_WHAT YOU NEED TO DO_:
Look below for the line holding "if r is r'.+1" and the line holding "rewrite !inE => /orP". Repeat those two and everything between, exactly.

_ENTRIES SUPPLIED_:
# # # # # # #
Definition gens : {fset elt G} := D `|` [fset inv d | d in D].

Fixpoint ball r : {fset elt G} :=
  if r is r'.+1 then ball r' `|` prodset (ball r') gens else [fset one G].

Lemma ballS r : ball r `<=` ball r.+1.
Proof. exact: fsubsetUl. Qed.

Lemma mem_ball_mul r x e : x \in ball r -> e \in gens -> mul x e \in ball r.+1.
Proof. by move=> xr eg; rewrite /= inE mem_prodset ?orbT. Qed.

Lemma ball_gens e : e \in gens -> e \in ball 1.
Proof. by move=> eg; rewrite -[e]mul1; apply: mem_ball_mul eg; rewrite inE. Qed.

Lemma ball_mul r s x y : x \in ball r -> y \in ball s -> mul x y \in ball (r + s).
Proof.
move=> xr; elim: s y => [|s IH] y; first by rewrite inE addn0 => /eqP ->; rewrite mulr1.
rewrite addnS inE => /orP [ys|/prodsetP [u us [e eg ->]]].
  exact: fsubsetP (ballS _) _ (IH y ys).
by rewrite mulA; apply: mem_ball_mul => //; apply: IH.
Qed.

Lemma gens_inv e : e \in gens -> inv e \in gens.
Proof.
rewrite !inE => /orP [eD|/imfsetP [d dD ->]]; last by rewrite invK dD.
by apply/orP; right; apply/imfsetP; exists e.
Qed.

Lemma ball_inv r x : x \in ball r -> inv x \in ball r.
Proof.
elim: r x => [|r IH] x; first by rewrite !inE => /eqP ->; rewrite inv1.
rewrite inE => /orP [xr|/prodsetP [u ur [e eg ->]]].
  exact: fsubsetP (ballS _) _ (IH x xr).
by rewrite invM -add1n; apply: ball_mul; [apply: ball_gens; apply: gens_inv | apply: IH].
Qed.

(* [linked x y] iff [x] and [y] lie in the same left coset of the subgroup
   generated by [D]; these cosets are the blocks of the matching problem. *)
Definition linked (x y : elt G) := exists r, mul (inv x) y \in ball r.

Lemma linked_refl x : linked x x.
Proof. by exists 0; rewrite mulV inE. Qed.

Lemma linked_sym x y : linked x y -> linked y x.
Proof. by move=> [r xy]; exists r; rewrite -[x]invK -invM ball_inv. Qed.

Lemma linked_trans x y z : linked x y -> linked y z -> linked x z.
Proof.
move=> [r xy] [s yz]; exists (r + s)%N.
have -> : mul (inv x) z = mul (mul (inv x) y) (mul (inv y) z) by rewrite mulA mulK.
exact: ball_mul.
Qed.

Definition rep (x : elt G) : elt G := epsilon (inhabits (one G)) (linked x).

Lemma rep_linked x : linked (rep x) x.
Proof.
apply/linked_sym/(epsilon_spec (inhabits (one G)) (linked x)).
by exists x; apply: linked_refl.
Qed.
# # # # # # #
_EXERCISE OUTPUT_:
  if r is r'.+1 then ball r' `|` prodset (ball r') gens else [fset one G].

Lemma ballS r : ball r `<=` ball r.+1.
Proof. exact: fsubsetUl. Qed.

Lemma mem_ball_mul r x e : x \in ball r -> e \in gens -> mul x e \in ball r.+1.
Proof. by move=> xr eg; rewrite /= inE mem_prodset ?orbT. Qed.

Lemma ball_gens e : e \in gens -> e \in ball 1.
Proof. by move=> eg; rewrite -[e]mul1; apply: mem_ball_mul eg; rewrite inE. Qed.

Lemma ball_mul r s x y : x \in ball r -> y \in ball s -> mul x y \in ball (r + s).
Proof.
move=> xr; elim: s y => [|s IH] y; first by rewrite inE addn0 => /eqP ->; rewrite mulr1.
rewrite addnS inE => /orP [ys|/prodsetP [u us [e eg ->]]].
  exact: fsubsetP (ballS _) _ (IH y ys).
by rewrite mulA; apply: mem_ball_mul => //; apply: IH.
Qed.

Lemma gens_inv e : e \in gens -> inv e \in gens.
Proof.
rewrite !inE => /orP [eD|/imfsetP [d dD ->]]; last by rewrite invK dD.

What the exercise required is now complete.